The software controllable 5.25″/8″ switching of GM829 is quite useful – even if you don’t have 8″ drives connected to your system. This is because the Western Digital Floppy disk controller used on GM809/GM829 is limited in the maximum rate it can step the head between tracks on the attached drives. When set for 5.25″ drives it can only achieve a 6ms stepping rate, but the modern Japanese drives (e.g. TEAC FD55Es & Fs) can be stepped at 3ms/step. Running them at the slower rate results in reduced performance and a ‘graunching’ noise from the drive (non destructive!). However, with GM829, whenever a SEEK is required, the 5.25″/8″ control can be flipped to 8″. The main effect of this is to double the clock frequency to the Controller chip, which results in all stepping times being halved. Thus drives can now be stepped as fast as 3ms/step, leading to increased performance and much quieter stepping. (Once the seek is complete, the control bit is obviously flipped back to the 5.25″ setting before doing the read/write operation.)
A letter from Phil Dunglinson on the topic of a BASIC program that doesn’t work provides me with my next topic. The listing is shown below:
It should print out the results of 153,370,371,407 but doesn’t.

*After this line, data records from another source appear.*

(* Let $I=[a,b]$ be an interval with $|I|<1$, $\gamma>1$, and let $\mathcal{K}:I\to\mathbb{R}$ be continuous and such that there is $C_0>0$ with $|\mathcal{K}(\xi+\tau)+\mathcal{K}(\xi-\tau)-2\mathcal{K}(\xi)|\le C_0\tau\mathcal{Z}_\gamma(\tau)$ for all $\tau\in[0,|I|/2]$ and all $\xi$ with $\xi\pm\tau\in I$. Then $\mathcal{K}\in C^1(I)$, and there exists a constant $C>0$ such that for all $\xi,\eta\in I$, $$|\mathcal{K}'(\xi)-\mathcal{K}'(\eta)|\le C\,\mathcal{P}_\gamma(|\xi-\eta|).$$
   Context: $\mathcal{Z}_\gamma(x)=(\log\frac1x)^{-\gamma}$ for $x\in(0,1)$ and $\mathcal{Z}_\gamma(0)=0$. For $\gamma>1$, $\mathcal{P}_\gamma:(0,1)\to\mathbb{R}$ is $\mathcal{P}_\gamma(x)=\sum_{n=1}^\infty \mathcal{Z}_\gamma(x2^{-n})$, extended by $\mathcal{P}_\gamma(0)=0$. *)

From Stdlib Require Import Reals Lra.
From Coquelicot Require Import Coquelicot.
Open Scope R_scope.

(* Z_gamma(x) = (log (1/x))^(-gamma) for x in (0,1), and 0 otherwise
   (the paper only uses x in [0,1); Z_gamma(0) = 0). *)
Definition Zg (gamma x : R) : R :=
  if Rlt_dec 0 x then
    (if Rlt_dec x 1 then Rpower (ln (1 / x)) (- gamma) else 0)
  else 0.

Definition Pg (gamma x : R) : R :=
  if Rlt_dec 0 x then Series (fun n : nat => Zg gamma (x / 2 ^ (S n))) else 0.

Definition Icc (a b x : R) : Prop := a <= x <= b.

Definition continuous_on_Icc (a b : R) (f : R -> R) : Prop :=
  forall x, Icc a b x ->
    filterlim f (within (Icc a b) (locally x)) (locally (f x)).

Definition has_derive_on_Icc (a b : R) (f : R -> R) (x l : R) : Prop :=
  filterlim (fun y => (f y - f x) / (y - x))
    (within (fun y => Icc a b y /\ y <> x) (locally x)) (locally l).
Lemma tri_vertex_gaps b1 b2 (w := vertex_val (Tri b1 b2) x0 y0 h s D nv) :
  (w 1%nat - w 0%nat) ^ 2 + (w 2%nat - w 0%nat) ^ 2 = h ^ 2.
Proof.
  unfold w, vertex_val, Lfun. simpl.
  transitivity (s ^ 2 * h ^ 2 * (sgnb b1 ^ 2 * fst nv ^ 2 + sgnb b2 ^ 2 * snd nv ^ 2)); [ring|].
  rewrite sign_sqr, !sgnb_sqr, !Rmult_1_l, Hnv. ring.
Qed.

Lemma tri_weighted_sum b1 b2 (w := vertex_val (Tri b1 b2) x0 y0 h s D nv) :
  sumR 3 (fun i => s * grad_shape (Tri b1 b2) x0 y0 h F nv i * pos_avg (w i) (w (next (Tri b1 b2) i)))
  = tri_sum (w 0%nat) (w 1%nat) (w 2%nat).
Proof.
  unfold tri_sum. cbv zeta. unfold w. rewrite tri_vertex_gaps.
  unfold vertex_val, Lfun, grad_shape, next. simpl.
  destruct b1, b2; simpl; field; lra.
Qed.

Lemma rect_vertex_gaps (w := vertex_val Rect x0 y0 h s D nv) :
  (w 1%nat - w 0%nat) ^ 2 + (w 3%nat - w 0%nat) ^ 2 = h ^ 2.
Proof.
  unfold w, vertex_val, Lfun. simpl.
  transitivity (s ^ 2 * h ^ 2 * (fst nv ^ 2 + snd nv ^ 2)); [ring|].
  rewrite sign_sqr, Hnv. ring.
Qed.

Lemma rect_vertex_affine (w := vertex_val Rect x0 y0 h s D nv) :
  w 0%nat + w 2%nat = w 1%nat + w 3%nat.
Proof. unfold w, vertex_val, Lfun. simpl. ring. Qed.

Lemma rect_weighted_sum (w := vertex_val Rect x0 y0 h s D nv) :
  sumR 4 (fun i => s * grad_shape Rect x0 y0 h F nv i * pos_avg (w i) (w (next Rect i)))
  = rect_sum (w 0%nat) (w 1%nat) (w 2%nat) (w 3%nat)
             ((fst F - x0) / h - 1 / 2) ((snd F - y0) / h - 1 / 2).
Proof.
  unfold rect_sum. cbv zeta. unfold w. rewrite rect_vertex_gaps.
  unfold vertex_val, Lfun, grad_shape, next. simpl. field. lra.
Qed.

Lemma rect_interp_vertex_vals (w := vertex_val Rect x0 y0 h s D nv) :
  rect_interp (w 0%nat) (w 1%nat) (w 2%nat) (w 3%nat)
              ((fst F - x0) / h - 1 / 2) ((snd F - y0) / h - 1 / 2) = s * Lfun D nv F.
Proof. unfold rect_interp, w, vertex_val, Lfun. simpl. field. lra. Qed.

End Element.

Lemma on_edge_rect x0 y0 h j X : 0 < h -> (j < 4)%nat -> on_edge Rect x0 y0 h j X ->
  x0 <= fst X <= x0 + h /\ y0 <= snd X <= y0 + h.
Proof.
  intros Hh Hj [t [Ht ->]].
  destruct j as [|[|[|[|j]]]]; try lia; unfold edge_pt; simpl; split; split; nra.
Qed.

Lemma Lfun_on_segment D E F nv s :
  fst nv * (fst E - fst D) + snd nv * (snd E - snd D) = 0 ->
  F = (fst D + s * (fst E - fst D), snd D + s * (snd E - snd D)) -> Lfun D nv F = 0.
Proof.
  intros Hperp ->. unfold Lfun. simpl.
  transitivity (s * (fst nv * (fst E - fst D) + snd nv * (snd E - snd D))); [ring|].
  rewrite Hperp. ring.
Qed.

Lemma centred_coord_bounds x0 h x : 0 < h -> x0 <= x <= x0 + h ->
  -1/2 <= (x - x0) / h - 1/2 <= 1/2.
Proof.
  intros Hh Hx. enough (0 <= (x - x0) / h <= 1) by lra.
  apply (ratio_bounds _ (x - x0) h); [reflexivity | lra | lra].
Qed.
Lemma eq_vmul_Utd t d t' d' a b :
  t \in K -> d \in K -> t' \in K -> d' \in K -> d != 0 -> d' != 0 -> a != 0 -> b != 0 ->
  vmul a (Utd K g t d) = vmul b (Utd K g t' d') ->
  [/\ t = t', d = d' & exists c : F, a = c%:A * b].
Proof.
move=> tK dK t'K d'K d0 d'0 a0 b0 eqUV; apply: vmul_Utd_cap_gt1 => //.
by rewrite eqUV capvv dim_vmul // dim_Utd.
Qed.

Lemma code_cap_le1 U V : C U -> C V -> U != V -> (\dim (U :&: V) <= 1)%N.
Proof.
case=> t [d [tK _ dK d0 [a a0 ->]]] [t' [d' [t'K _ d'K d'0 [b b0 ->]]]].
rewrite leqNgt; apply: contra => /vmul_Utd_cap_gt1[] // <- <- [c ac].
have c0 : c != 0 by apply: contraNneq a0 => c0; rewrite ac c0 scale0r mul0r.
by rewrite ac vmul_scalar.
Qed.

Lemma code_dist_ge U V : C U -> C V -> U != V -> (2 * \dim K - 2 <= subspace_dist U V)%N.
Proof.
move=> CU CV UV; rewrite /subspace_dist (code_dim CU) (code_dim CV) addnn -mul2n.
by apply: leq_sub2l; exact: leq_mul (leqnn 2) (code_cap_le1 CU CV UV).
Qed.

Lemma code_dist_common U V w : C U -> C V -> U != V -> w != 0 -> w \in U -> w \in V ->
  subspace_dist U V = (2 * \dim K - 2)%N.
Proof.
move=> CU CV UV w0 wU wV.
have : (\dim <[w]> <= \dim (U :&: V))%N by apply/dimvS; rewrite -memvE memv_cap wU wV.
rewrite dim_vline w0 => cap_ge1.
have /eqP cap1 : \dim (U :&: V) == 1%N by rewrite eqn_leq code_cap_le1.
by rewrite /subspace_dist (code_dim CU) (code_dim CV) cap1 addnn -mul2n muln1.
Qed.

Local Notation T := (finvect_type L).

Let params :=
  setX (setX (nonzero_vecs (L := L) K) (nonzero_vecs (L := L) K)) (nonzero_vecs (L := L) fullv).
Let word (i : T * T * T) := vmul (i.2 : L) (Utd K g i.1.1 i.1.2).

Can anyone see why not?
The answer is simple, and reminds me of that old adage about not blindly accepting the answer that comes out of a computer. Just because your computer tells you that 2<>2 or 3=2 does not necessarily mean that it is true. Remember that your computer is an idiot and tries to do exactly what you tell it. It can do mundane operations very quickly, but it does have limitations and this example highlights twoof them.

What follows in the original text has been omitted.